OP33 Effect of upadacitinib (UPA) treatment on extraintestinal manifestations (EIMs) in patients with moderate-to-severe Ulcerative Colitis (UC): Results from the UPA Phase 3 programme

Colombel, J.F.(1);Cao, Q.(2);Ghosh, S.(3);Reinisch, W.(4);Zhou, W.(5);Ilo, D.(5);Shu, L.(5);Yao, X.(6);Rubin, D.T.(7);

(1)Icahn School of Medicine at Mount Sinai, Gastroenterology, New York, United States;(2)Sir Run Run Shaw Hospital- College of Medicine- Zhejiang University, Department of Gastroenterology, Hangzhou- Zhejiang, China;(3)University College Cork, College of Medicine and Health, Cork, Ireland;(4)Medical University of Vienna, Department of Gastroenterology and Hepatology, Vienna, Austria;(5)AbbVie Inc, Research and Development, North Chicago- Illinois, United States;(6)AbbVie Inc, Data & Statistical Sciences, North Chicago- Illinois, United States;(7)University of Chicago Medicine, Inflammatory Bowel Disease Center, Chicago- Illinois, United States;


EIMs are common in patients with UC and are associated with impaired quality of life. This analysis evaluated the impact of treatment with the selective Janus kinase 1 inhibitor UPA on EIMs in patients with moderate-to-severe UC.

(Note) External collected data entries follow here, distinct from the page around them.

(* Let $p$ be an admissible linear order on $\mathcal A$ and $I\subset\mathcal A$ an interval with respect to $p$. Let $\mathcal A^*$ be the amalgamation of $\mathcal A$ obtained by shrinking $I$ to a single new letter $z$, declared to belong to $L_e$ and placed in the position of $I$ in the order (all other letters and their order unchanged), and for $w\in\mathcal A^n$ let $w^*\in(\mathcal A^* )^n$ be obtained by replacing every letter of $w$ lying in $I$ by $z$. Then for every $w\in\mathcal A^n$ and every $k\ge1$, $$\sum_{i=1}^k\lambda_i(\phi_p(w))\le\sum_{i=1}^k\lambda_i(\phi_p^*(w^* )),$$ where $\phi_p^*$ is the generalised RSK shape map for the alphabet $\mathcal A^*$ with the induced order and $\lambda_i(\cdot)$ denotes the length of the $i$-th row. In particular, if $\mathcal P^*$ denotes the parameters of $\mathcal A^*$ (with $z$ having mass $\mu_1(I)$), then $\sum_{i=1}^k\lambda_i^{\mathcal P}(n)\le\sum_{i=1}^k\lambda_i^{\mathcal P^*}(n)$ pointwise on $(\mathcal A^n,\mu_n)$.
   Context: Alphabet: $\mathcal A=L_e\sqcup L_o\sqcup G$ where $L_e=\{x_1,x_2,\dots\}$, $L_o=\{y_1,y_2,\dots\}$ are discrete and $G$ is identified with an interval of $\mathbb R$; $\mu_1$, $\mu_n=\mu_1^{\otimes n}$ are the measures with $\mu_1(\{x_i\})=\alpha_i$, $\mu_1(\{y_j\})=\beta_j$, and $\gamma$ times normalized Lebesgue measure on $G$, for Thoma parameters $\mathcal P$. An admissible order is a linear order $p$ on $\mathcal A$ for which $G$ is an interval (if $a_1<a<a_2$ with $a_1,a_2\in G$ then $a\in G$) and whose restriction to $G$ is the usual order of reals or its reverse. A subset $I\subset\mathcal A$ is an interval w.r.t. $p$ if $a_1,a_2\in I$, $a_1<a<a_2$ imply $a\in I$. Generalised RSK (row insertion) w.r.t. $p$: an $\mathcal A_p$-tableau is a Young diagram filled with letters of $\mathcal A$. To insert a letter $x$ into a tableau $T$: in the first row, if $x\in L_e$ find the leftmost entry strictly greater than $x$; if $x\in L_o\cup G$ find the leftmost entry greater than or equal to $x$; if there is none, append $x$ at the end of the row and stop; otherwise $x$ replaces that entry and the replaced entry is inserted into the second row by the same rule, and so on (an entry bumped out of the last row forms a new row). For $w=z_1\cdots z_n$, $R(w)$ is obtained by inserting $z_1,z_2,\dots,z_n$ successively into the empty tableau, and $\phi_p(w)\in\mathbb Y_n$ is the shape of $R(w)$. $\lambda_i^{\mathcal P}(n)(w):=\lambda_i(\phi_p(w))$. *)

From Stdlib Require Import Reals List Arith ClassicalEpsilon.
Import ListNotations.
Open Scope R_scope.
(* Let $n\ge p$, $\alpha\neq-1$, $U,\widetilde U\in St(n,p)$, and let $Q\widehat N=(I_n-UU^T)\widetilde U$ be a compact QR-decomposition with $Q\in St(n,p)$, $\widehat N\in\mathbb{R}^{p\times p}$. Consider the following shooting iteration with threshold $\epsilon>0$ and time steps $0=t_0<t_1<\dots<t_m=1$: set $\gamma\leftarrow\|\widetilde U-U\|$ and $\Delta\leftarrow\gamma\,\Pi_U(\widetilde U)/\|\Pi_U(\widetilde U)\|$; while $\gamma>\epsilon$: set $\widetilde U^s(j)\leftarrow\operatorname{Exp}^\alpha_U(t_j\Delta)$ for $j=0,\dots,m$; set $\Delta^s\leftarrow\widetilde U^s(m)-\widetilde U$ and $\gamma\leftarrow\|\Delta^s\|$; for $j=m,m-1,\dots,0$ set $\Delta^s\leftarrow\gamma\,\Pi_{\widetilde U^s(j)}(\Delta^s)/\|\Pi_{\widetilde U^s(j)}(\Delta^s)\|$; then update $\Delta\leftarrow\Delta-\Delta^s$. Then every iterate $\Delta$ produced by this iteration, and every matrix $\Delta^s$ obtained at the end of one pass through the while-loop, has a representation \[ \Delta=UA+QR,\qquad \Delta^s=UA^s+QR^s,\qquad A,A^s\in\operatorname{Skew}(p),\ R,R^s\in\mathbb{R}^{p\times p}, \] with the same matrix $Q$ for all iterates.
   Context: $St(n,p)=\{U\in\mathbb{R}^{n\times p}: U^TU=I_p\}$; $\operatorname{Skew}(p)$ is the set of real skew-symmetric $p\times p$ matrices; $\|\cdot\|$ is the Frobenius norm. For $W\in\mathbb{R}^{n\times p}$ and $Y\in St(n,p)$, $\Pi_Y(W)=W-Y\operatorname{sym}(Y^TW)$ with $\operatorname{sym}(X)=\frac12(X+X^T)$ (orthogonal projection onto $T_YSt(n,p)=\{\Delta: Y^T\Delta\in\operatorname{Skew}(p)\}$). The $\alpha$-metric is $\langle\Delta,\widetilde\Delta\rangle^\alpha_U=\operatorname{tr}\big(\Delta^T(I_n-\frac{2\alpha+1}{2(\alpha+1)}UU^T)\widetilde\Delta\big)$ and $\operatorname{Exp}^\alpha_U(\Delta)$ is the endpoint at time $1$ of its geodesic starting at $U$ with initial velocity $\Delta$ (so $\operatorname{Exp}^\alpha_U(0)=U$). *)

From HB Require Import structures.
From mathcomp Require Import all_boot all_order all_algebra.
From mathcomp Require Import all_classical all_reals all_analysis.

Set Implicit Arguments.
Unset Strict Implicit.
Unset Printing Implicit Defensive.

Import Order.TTheory GRing.Theory Num.Theory.
Import numFieldNormedType.Exports.
Local Open Scope ring_scope.
Local Open Scope classical_set_scope.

Data were included from two induction studies (U-ACHIEVE Induction [NCT02819635] and U-ACCOMPLISH [NCT03653026]) and a maintenance study (U-ACHIEVE Maintenance). Patients with moderate-to-severe UC were randomised 2:1 to 8 weeks’ induction treatment with UPA 45 mg once daily (QD) or placebo. Patients with a clinical response to induction were re‑randomised (1:1:1) to 52 weeks’ maintenance treatment with UPA 15 mg or 30 mg QD, or placebo. The presence of EIMs (peripheral arthropathy, axial arthropathy, episcleritis, uveitis, iritis, erythema nodosum, pyoderma gangrenosum, Sweet’s syndrome, oral aphthous ulcers, primary sclerosing cholangitis, autoimmune hepatitis, venous thromboembolism, chronic obstructive pulmonary disease, bronchiectasis, nephrolithiasis and anaemia) was captured in the EIM form at the start of induction (baseline) and at every visit up to Week 52. The induction study results were pooled for analysis.


At baseline, 25.0% and 26.5% of patients in the UPA 45 mg QD and placebo induction groups had ≥1 EIM, while 24.3%, 26.6% and 24.8% of patients randomised to maintenance treatment with UPA 15 mg QD, UPA 30 mg QD or placebo, respectively, had ≥1 EIM (Table 1). The most common EIMs at baseline were anaemia, peripheral arthropathy and axial arthropathy; all other EIMs were reported in <2% of patients (Table 1). The proportion of patients reporting resolution of any EIM, arthropathy (peripheral and axial) and anaemia at Week 8 was numerically greater with UPA 45 mg QD than placebo in the induction studies (Figure 1A). Resolution at Week 52 of any EIM in patients with ≥1 EIM at baseline was significantly increased with UPA 30 mg QD (p<0.001), and numerically greater with UPA 15 mg QD, versus placebo (Figure 1B). In patients with arthropathy (peripheral or axial) at baseline, the proportion achieving resolution of arthropathy (peripheral and axial) at Week 52 was significantly increased with UPA 30 mg QD (p=0.010), and numerically higher with UPA 15 mg QD, versus placebo (Figure 1B). The same was true of anaemia resolution in patients with anaemia at baseline (p=0.019 for UPA 30 mg QD versus placebo; Figure 1B).
Proportion of patients achieving resolution of any EIM, arthropathy, and anaemia at (A) Week 8 in the induction studies and (B) Week 52 in the maintenance study

EIMs reported at baselinea


UPA treatment is effective in resolving EIMs in patients with UC. EIM symptom resolution was improved versus placebo following induction treatment with UPA 45 mg and after maintenance treatment with UPA 15 or 30 mg, with the 30 mg dose providing statistically significant improvements versus placebo.